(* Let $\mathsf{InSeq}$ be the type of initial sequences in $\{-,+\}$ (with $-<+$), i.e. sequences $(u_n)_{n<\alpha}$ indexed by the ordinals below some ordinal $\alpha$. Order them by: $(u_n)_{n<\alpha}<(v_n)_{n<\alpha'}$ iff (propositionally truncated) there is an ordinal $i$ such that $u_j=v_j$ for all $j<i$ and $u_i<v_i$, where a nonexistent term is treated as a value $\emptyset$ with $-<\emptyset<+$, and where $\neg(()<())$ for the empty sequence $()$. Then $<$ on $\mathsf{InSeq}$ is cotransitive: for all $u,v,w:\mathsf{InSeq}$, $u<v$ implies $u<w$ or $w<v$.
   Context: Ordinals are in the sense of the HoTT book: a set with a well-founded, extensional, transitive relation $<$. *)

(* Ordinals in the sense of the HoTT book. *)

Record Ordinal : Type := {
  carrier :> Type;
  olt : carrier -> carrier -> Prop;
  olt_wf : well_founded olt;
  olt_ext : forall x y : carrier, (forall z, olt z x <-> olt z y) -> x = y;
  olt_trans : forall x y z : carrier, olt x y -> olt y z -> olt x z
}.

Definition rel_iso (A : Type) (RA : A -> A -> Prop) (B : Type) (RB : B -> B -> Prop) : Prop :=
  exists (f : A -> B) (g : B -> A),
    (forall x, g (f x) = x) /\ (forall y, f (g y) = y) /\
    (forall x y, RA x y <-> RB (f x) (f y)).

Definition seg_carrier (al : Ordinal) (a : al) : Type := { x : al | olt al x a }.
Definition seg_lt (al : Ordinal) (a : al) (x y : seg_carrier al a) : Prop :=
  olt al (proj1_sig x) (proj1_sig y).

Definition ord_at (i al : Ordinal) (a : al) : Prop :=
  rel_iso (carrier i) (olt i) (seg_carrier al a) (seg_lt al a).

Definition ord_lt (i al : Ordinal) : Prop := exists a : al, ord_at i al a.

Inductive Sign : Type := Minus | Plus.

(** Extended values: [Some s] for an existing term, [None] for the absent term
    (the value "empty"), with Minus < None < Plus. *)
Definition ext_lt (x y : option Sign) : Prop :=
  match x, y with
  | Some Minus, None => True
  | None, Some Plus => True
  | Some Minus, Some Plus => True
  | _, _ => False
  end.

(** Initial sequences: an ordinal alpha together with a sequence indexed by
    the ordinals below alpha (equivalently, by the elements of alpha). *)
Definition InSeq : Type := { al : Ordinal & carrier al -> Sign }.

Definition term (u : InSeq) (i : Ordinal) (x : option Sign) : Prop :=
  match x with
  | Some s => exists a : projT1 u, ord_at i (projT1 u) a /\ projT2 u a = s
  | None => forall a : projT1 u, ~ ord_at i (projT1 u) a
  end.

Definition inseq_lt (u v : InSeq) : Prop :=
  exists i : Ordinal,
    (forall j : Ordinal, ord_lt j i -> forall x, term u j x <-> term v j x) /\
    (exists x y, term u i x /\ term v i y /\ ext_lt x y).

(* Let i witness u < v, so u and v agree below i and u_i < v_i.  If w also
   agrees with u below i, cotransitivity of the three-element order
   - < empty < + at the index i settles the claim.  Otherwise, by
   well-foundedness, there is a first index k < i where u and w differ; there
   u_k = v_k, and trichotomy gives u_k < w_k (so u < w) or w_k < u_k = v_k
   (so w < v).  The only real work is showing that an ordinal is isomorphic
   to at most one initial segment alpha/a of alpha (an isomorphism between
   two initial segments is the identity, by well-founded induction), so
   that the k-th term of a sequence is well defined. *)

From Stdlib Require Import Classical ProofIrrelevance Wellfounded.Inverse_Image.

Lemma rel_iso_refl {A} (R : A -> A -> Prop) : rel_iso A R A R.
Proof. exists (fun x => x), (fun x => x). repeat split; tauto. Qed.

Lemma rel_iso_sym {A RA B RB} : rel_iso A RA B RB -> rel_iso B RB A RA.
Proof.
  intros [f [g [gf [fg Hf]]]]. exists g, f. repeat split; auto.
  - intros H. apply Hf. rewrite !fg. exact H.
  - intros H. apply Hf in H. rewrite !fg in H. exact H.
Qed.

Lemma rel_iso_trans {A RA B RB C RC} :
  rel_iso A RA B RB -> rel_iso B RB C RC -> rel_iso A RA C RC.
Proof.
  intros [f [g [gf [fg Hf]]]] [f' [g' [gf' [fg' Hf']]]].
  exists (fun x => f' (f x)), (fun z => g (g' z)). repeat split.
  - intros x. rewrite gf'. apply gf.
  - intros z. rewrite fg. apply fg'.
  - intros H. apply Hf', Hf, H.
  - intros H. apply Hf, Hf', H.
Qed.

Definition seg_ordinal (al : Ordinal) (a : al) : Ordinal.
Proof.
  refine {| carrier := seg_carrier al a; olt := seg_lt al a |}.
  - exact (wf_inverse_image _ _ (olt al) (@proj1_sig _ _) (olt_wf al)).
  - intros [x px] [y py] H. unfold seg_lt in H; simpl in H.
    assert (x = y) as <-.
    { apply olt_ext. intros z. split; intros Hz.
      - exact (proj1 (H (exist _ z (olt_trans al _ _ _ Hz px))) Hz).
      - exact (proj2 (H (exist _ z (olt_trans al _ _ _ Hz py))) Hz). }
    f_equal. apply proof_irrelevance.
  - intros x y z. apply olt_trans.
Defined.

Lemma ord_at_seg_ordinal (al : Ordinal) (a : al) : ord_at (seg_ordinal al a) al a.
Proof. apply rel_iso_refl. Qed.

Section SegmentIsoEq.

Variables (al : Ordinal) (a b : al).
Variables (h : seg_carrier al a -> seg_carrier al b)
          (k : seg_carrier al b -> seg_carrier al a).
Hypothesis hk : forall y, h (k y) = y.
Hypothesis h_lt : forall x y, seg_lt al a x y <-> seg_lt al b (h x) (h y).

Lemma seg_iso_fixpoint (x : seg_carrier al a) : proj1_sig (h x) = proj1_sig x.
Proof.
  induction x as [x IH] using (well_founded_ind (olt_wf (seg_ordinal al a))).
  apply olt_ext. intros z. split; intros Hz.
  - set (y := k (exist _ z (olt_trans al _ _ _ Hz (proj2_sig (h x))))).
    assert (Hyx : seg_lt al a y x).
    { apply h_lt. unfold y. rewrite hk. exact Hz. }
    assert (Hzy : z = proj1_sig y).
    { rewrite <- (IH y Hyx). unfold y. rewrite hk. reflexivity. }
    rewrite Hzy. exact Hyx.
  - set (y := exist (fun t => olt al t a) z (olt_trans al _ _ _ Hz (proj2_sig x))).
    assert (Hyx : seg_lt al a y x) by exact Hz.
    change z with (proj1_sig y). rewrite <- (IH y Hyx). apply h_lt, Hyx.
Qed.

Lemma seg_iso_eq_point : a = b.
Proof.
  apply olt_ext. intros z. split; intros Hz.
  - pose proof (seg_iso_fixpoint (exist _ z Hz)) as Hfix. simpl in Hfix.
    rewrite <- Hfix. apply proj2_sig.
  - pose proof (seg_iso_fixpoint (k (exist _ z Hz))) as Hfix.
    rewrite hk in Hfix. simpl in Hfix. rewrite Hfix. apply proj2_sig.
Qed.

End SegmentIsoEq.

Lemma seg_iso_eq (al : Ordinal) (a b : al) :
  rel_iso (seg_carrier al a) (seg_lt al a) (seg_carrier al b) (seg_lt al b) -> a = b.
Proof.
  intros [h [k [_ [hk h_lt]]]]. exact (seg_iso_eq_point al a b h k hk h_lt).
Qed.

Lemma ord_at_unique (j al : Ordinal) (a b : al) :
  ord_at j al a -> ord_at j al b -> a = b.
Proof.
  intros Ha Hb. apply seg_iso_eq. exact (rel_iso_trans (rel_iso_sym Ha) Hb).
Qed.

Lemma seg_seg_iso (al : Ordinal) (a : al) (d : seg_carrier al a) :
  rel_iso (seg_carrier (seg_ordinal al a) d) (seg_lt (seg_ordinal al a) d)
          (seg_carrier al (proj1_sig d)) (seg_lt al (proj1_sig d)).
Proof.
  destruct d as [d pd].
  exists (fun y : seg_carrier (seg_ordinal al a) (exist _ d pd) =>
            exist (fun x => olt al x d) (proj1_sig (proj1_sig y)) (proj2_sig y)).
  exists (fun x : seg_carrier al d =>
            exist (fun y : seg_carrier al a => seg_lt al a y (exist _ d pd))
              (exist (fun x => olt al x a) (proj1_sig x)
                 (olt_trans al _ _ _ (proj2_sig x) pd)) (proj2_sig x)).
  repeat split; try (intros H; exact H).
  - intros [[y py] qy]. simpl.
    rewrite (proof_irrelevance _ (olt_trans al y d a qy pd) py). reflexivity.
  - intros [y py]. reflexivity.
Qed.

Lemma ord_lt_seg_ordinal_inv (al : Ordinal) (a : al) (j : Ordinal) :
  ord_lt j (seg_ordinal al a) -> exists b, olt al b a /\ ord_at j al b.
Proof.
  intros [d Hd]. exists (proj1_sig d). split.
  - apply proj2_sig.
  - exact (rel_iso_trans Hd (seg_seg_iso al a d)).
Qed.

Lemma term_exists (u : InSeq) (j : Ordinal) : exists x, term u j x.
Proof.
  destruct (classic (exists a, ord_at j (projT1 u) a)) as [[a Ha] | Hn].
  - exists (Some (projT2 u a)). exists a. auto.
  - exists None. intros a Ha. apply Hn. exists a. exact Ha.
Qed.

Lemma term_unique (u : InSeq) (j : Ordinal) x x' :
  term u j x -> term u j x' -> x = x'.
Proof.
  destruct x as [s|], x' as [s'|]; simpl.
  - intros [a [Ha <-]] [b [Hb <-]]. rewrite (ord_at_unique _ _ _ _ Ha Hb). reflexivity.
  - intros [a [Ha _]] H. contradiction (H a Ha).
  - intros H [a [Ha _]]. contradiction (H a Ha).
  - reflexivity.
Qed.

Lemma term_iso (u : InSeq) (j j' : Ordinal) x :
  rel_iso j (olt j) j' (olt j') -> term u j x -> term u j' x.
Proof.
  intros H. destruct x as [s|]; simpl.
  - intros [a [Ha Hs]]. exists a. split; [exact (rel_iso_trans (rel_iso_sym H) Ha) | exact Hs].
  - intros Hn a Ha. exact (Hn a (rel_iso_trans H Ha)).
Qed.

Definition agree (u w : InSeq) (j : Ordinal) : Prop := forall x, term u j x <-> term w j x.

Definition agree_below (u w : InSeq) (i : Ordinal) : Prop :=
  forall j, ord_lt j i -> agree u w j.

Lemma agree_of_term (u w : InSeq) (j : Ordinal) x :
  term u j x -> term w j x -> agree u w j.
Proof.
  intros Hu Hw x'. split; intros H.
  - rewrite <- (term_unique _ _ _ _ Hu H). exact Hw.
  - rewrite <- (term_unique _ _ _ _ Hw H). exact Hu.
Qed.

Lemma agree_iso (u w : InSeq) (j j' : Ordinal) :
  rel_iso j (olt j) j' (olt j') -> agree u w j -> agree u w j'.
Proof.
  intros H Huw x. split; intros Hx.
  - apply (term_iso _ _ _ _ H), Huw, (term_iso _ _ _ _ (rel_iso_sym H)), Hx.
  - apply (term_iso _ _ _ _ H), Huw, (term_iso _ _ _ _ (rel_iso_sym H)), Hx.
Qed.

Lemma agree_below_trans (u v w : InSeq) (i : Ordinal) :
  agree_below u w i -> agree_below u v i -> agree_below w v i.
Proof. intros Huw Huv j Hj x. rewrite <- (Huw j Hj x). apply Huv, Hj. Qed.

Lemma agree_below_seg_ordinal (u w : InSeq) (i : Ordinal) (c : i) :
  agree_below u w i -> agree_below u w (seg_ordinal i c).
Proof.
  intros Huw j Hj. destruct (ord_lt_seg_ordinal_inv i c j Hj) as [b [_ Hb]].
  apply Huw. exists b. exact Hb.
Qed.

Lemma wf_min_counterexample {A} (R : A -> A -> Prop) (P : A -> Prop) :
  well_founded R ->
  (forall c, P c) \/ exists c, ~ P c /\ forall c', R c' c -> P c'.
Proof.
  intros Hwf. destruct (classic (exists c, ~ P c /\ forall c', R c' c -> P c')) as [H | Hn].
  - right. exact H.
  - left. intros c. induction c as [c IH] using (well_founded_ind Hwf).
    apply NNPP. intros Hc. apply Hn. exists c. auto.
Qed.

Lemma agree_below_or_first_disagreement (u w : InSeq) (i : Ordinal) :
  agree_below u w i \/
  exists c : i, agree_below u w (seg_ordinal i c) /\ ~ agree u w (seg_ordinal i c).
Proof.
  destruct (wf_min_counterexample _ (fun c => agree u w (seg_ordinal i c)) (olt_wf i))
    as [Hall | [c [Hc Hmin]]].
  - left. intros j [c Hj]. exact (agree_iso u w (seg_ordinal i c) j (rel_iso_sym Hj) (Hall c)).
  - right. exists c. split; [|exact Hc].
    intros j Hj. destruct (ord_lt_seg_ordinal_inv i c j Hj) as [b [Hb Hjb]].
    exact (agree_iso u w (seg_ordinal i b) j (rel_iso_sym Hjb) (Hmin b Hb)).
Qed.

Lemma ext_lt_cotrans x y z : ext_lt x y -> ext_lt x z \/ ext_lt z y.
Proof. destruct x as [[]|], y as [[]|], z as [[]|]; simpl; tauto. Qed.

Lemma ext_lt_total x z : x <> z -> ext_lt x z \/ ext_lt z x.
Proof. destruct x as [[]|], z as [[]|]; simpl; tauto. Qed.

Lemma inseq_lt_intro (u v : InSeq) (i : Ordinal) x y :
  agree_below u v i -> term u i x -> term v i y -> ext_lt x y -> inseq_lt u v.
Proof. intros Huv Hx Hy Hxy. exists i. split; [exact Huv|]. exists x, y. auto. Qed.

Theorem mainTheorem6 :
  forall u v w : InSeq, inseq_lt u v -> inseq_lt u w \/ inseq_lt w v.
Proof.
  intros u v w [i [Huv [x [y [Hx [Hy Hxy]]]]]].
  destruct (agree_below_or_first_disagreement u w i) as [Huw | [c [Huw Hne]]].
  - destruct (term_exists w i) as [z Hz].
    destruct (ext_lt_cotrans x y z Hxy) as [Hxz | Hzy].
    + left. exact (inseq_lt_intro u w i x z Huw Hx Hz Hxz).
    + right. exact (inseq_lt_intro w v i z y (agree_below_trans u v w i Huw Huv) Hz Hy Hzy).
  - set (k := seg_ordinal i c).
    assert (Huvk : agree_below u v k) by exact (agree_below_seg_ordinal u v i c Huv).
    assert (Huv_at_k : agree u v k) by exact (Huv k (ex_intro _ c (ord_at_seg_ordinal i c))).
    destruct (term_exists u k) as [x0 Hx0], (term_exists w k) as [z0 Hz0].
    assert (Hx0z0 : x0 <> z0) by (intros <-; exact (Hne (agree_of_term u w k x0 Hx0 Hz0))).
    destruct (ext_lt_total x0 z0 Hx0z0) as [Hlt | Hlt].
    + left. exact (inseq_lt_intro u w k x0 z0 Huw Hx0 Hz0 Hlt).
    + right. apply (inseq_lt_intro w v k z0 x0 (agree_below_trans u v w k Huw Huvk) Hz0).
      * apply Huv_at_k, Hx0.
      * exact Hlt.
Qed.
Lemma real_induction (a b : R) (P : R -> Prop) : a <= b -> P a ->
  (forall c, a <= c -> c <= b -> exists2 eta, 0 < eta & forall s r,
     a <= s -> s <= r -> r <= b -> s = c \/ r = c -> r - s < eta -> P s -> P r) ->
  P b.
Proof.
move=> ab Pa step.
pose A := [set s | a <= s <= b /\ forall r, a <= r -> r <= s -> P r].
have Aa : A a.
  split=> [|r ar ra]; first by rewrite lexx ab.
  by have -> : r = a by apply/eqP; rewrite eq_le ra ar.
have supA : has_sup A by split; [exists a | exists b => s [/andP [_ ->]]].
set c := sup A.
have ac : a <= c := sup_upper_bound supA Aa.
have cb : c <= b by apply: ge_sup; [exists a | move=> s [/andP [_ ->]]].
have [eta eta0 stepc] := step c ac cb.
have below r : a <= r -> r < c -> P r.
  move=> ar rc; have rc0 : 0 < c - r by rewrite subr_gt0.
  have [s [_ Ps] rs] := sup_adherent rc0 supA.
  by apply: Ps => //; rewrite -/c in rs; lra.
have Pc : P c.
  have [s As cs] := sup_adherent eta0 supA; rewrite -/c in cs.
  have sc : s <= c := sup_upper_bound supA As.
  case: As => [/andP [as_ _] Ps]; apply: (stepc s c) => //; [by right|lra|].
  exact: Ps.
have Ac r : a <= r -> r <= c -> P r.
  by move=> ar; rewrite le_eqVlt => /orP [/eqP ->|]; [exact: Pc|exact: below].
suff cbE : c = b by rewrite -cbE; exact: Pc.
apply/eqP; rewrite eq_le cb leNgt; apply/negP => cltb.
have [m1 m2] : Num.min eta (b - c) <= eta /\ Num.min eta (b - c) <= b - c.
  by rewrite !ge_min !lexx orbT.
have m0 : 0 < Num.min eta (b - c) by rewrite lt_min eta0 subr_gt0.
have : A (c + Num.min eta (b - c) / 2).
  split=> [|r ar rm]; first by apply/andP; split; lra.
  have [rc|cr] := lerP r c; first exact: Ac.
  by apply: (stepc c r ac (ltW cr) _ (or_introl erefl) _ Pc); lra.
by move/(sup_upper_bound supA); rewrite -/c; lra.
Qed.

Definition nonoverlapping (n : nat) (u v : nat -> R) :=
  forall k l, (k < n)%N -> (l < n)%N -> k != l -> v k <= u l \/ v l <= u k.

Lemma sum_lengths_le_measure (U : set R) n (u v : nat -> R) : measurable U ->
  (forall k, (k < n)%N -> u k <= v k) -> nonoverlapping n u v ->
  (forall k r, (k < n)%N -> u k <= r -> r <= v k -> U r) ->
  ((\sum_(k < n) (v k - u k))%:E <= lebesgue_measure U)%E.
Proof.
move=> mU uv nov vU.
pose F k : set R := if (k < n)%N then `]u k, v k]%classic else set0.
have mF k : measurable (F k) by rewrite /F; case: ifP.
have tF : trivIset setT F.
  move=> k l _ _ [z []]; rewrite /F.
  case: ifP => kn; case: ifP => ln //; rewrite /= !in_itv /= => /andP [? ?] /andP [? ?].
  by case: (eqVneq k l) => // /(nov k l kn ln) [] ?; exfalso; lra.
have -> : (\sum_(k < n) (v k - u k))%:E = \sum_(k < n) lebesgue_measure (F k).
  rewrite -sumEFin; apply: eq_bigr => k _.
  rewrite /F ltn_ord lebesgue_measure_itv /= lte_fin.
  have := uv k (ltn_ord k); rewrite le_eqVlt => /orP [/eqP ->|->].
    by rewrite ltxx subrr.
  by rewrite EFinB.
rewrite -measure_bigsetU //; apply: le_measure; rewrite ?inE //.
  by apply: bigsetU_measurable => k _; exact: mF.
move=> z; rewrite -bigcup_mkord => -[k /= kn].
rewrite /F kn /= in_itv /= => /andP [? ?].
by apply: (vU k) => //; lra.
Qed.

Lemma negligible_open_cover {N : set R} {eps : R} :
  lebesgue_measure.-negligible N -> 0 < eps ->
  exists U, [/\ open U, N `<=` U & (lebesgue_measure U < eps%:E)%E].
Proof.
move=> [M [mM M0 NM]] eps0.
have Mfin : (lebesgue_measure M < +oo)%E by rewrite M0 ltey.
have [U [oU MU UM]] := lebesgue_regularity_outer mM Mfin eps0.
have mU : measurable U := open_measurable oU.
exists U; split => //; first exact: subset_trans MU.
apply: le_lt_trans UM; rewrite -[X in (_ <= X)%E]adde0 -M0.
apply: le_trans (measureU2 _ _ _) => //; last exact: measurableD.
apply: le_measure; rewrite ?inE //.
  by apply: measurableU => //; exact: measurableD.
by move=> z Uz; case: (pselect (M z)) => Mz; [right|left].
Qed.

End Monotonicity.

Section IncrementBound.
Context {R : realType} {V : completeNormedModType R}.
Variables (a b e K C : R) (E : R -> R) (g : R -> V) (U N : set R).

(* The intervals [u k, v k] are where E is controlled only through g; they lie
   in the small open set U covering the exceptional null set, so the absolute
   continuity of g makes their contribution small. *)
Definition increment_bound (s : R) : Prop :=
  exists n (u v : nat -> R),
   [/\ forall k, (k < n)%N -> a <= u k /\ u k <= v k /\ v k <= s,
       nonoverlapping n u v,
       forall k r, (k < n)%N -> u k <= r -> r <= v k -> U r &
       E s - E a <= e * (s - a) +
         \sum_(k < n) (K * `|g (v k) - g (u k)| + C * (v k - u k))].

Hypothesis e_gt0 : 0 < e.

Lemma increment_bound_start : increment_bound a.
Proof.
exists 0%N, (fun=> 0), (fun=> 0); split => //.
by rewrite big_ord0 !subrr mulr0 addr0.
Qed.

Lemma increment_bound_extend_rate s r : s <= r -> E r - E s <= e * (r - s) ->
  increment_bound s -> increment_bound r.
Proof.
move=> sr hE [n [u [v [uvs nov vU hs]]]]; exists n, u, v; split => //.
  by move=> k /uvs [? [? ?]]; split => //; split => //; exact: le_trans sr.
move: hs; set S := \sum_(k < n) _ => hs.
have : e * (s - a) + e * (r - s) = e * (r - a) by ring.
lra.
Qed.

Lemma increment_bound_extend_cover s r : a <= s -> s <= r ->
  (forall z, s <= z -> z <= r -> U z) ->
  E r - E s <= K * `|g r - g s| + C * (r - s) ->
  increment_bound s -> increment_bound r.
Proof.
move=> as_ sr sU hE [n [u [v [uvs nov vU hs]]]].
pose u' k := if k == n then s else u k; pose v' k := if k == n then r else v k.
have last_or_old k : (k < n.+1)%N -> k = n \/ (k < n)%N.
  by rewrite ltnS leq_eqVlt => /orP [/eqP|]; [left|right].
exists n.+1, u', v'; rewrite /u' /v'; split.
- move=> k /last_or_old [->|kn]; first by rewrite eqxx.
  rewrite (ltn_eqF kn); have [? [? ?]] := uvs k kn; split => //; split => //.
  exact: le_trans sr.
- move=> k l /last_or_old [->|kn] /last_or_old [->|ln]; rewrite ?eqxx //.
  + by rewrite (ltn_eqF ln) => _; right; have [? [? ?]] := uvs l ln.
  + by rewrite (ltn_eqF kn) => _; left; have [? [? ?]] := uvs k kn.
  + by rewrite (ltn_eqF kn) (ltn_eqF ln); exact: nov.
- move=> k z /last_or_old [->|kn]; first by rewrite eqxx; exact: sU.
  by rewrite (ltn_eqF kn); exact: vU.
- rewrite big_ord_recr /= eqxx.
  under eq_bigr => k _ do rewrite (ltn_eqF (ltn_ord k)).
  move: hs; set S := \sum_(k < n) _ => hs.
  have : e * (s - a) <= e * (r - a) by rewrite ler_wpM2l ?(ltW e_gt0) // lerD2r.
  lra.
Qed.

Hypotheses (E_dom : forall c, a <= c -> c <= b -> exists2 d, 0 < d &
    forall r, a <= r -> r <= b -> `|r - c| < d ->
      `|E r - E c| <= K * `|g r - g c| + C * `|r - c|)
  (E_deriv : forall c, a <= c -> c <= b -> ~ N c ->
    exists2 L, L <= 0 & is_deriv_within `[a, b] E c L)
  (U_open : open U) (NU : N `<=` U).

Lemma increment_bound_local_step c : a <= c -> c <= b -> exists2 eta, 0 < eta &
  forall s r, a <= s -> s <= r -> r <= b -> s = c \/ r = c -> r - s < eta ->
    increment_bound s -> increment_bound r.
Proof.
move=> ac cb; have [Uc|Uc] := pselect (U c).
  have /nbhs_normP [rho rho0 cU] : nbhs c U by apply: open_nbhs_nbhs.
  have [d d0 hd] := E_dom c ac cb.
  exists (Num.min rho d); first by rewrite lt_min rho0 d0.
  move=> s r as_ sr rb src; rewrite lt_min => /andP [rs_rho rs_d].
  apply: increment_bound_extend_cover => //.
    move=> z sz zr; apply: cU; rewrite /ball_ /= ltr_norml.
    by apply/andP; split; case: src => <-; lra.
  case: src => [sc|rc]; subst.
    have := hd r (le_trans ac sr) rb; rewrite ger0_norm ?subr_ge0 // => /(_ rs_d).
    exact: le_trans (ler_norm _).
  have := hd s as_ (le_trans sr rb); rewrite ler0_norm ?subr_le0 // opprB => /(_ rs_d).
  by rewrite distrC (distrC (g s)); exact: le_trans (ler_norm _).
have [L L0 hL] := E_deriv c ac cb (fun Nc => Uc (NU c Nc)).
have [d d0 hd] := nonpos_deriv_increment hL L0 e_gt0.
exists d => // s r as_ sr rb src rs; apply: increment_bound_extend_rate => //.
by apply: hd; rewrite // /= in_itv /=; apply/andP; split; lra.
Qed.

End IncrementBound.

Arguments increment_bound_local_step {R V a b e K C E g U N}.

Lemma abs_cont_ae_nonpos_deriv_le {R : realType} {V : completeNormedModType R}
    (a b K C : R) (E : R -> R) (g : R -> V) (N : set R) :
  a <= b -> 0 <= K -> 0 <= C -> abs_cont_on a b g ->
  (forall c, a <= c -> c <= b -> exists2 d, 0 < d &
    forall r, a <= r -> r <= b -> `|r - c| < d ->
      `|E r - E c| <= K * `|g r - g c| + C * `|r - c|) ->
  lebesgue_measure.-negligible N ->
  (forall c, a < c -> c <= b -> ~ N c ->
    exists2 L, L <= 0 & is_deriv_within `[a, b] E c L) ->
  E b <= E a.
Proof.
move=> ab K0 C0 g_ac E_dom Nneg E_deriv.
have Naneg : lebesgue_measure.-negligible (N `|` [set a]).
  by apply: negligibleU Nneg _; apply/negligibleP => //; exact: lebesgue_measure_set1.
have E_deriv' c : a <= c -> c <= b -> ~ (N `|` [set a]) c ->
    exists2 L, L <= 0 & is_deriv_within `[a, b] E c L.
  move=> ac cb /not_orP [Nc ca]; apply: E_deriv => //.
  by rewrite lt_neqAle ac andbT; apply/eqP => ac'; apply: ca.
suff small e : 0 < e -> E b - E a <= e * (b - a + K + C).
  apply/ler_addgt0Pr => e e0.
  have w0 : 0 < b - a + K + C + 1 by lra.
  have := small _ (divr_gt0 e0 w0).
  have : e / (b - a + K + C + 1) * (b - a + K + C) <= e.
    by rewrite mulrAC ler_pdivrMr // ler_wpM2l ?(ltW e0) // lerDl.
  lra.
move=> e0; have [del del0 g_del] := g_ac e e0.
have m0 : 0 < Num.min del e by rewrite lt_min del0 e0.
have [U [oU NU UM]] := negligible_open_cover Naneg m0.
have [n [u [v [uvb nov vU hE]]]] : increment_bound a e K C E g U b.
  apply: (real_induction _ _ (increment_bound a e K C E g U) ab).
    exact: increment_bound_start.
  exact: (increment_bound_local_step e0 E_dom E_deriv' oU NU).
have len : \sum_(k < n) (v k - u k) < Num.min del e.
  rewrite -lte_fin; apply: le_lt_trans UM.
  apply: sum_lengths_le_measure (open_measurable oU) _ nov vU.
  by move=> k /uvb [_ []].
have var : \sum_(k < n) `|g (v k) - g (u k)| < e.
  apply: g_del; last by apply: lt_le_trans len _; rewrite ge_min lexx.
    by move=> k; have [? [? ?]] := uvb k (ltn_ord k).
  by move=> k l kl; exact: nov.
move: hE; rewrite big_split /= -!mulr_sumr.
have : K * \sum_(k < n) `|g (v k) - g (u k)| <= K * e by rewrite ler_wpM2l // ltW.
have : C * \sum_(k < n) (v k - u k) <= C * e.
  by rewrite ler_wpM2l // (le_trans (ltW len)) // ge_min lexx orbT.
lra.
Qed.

——————

◆ **Problem statement**:
What is needed is every line from the start of the entries through the line containing "olt_wf : well_founded olt;", returned word for word and nothing else.

◆ **Answer**:
(* Let $\mathsf{InSeq}$ be the type of initial sequences in $\{-,+\}$ (with $-<+$), i.e. sequences $(u_n)_{n<\alpha}$ indexed by the ordinals below some ordinal $\alpha$. Order them by: $(u_n)_{n<\alpha}<(v_n)_{n<\alpha'}$ iff (propositionally truncated) there is an ordinal $i$ such that $u_j=v_j$ for all $j<i$ and $u_i<v_i$, where a nonexistent term is treated as a value $\emptyset$ with $-<\emptyset<+$, and where $\neg(()<())$ for the empty sequence $()$. Then $<$ on $\mathsf{InSeq}$ is cotransitive: for all $u,v,w:\mathsf{InSeq}$, $u<v$ implies $u<w$ or $w<v$.
   Context: Ordinals are in the sense of the HoTT book: a set with a well-founded, extensional, transitive relation $<$. *)

(* Ordinals in the sense of the HoTT book. *)

Record Ordinal : Type := {
  carrier :> Type;
  olt : carrier -> carrier -> Prop;
  olt_wf : well_founded olt;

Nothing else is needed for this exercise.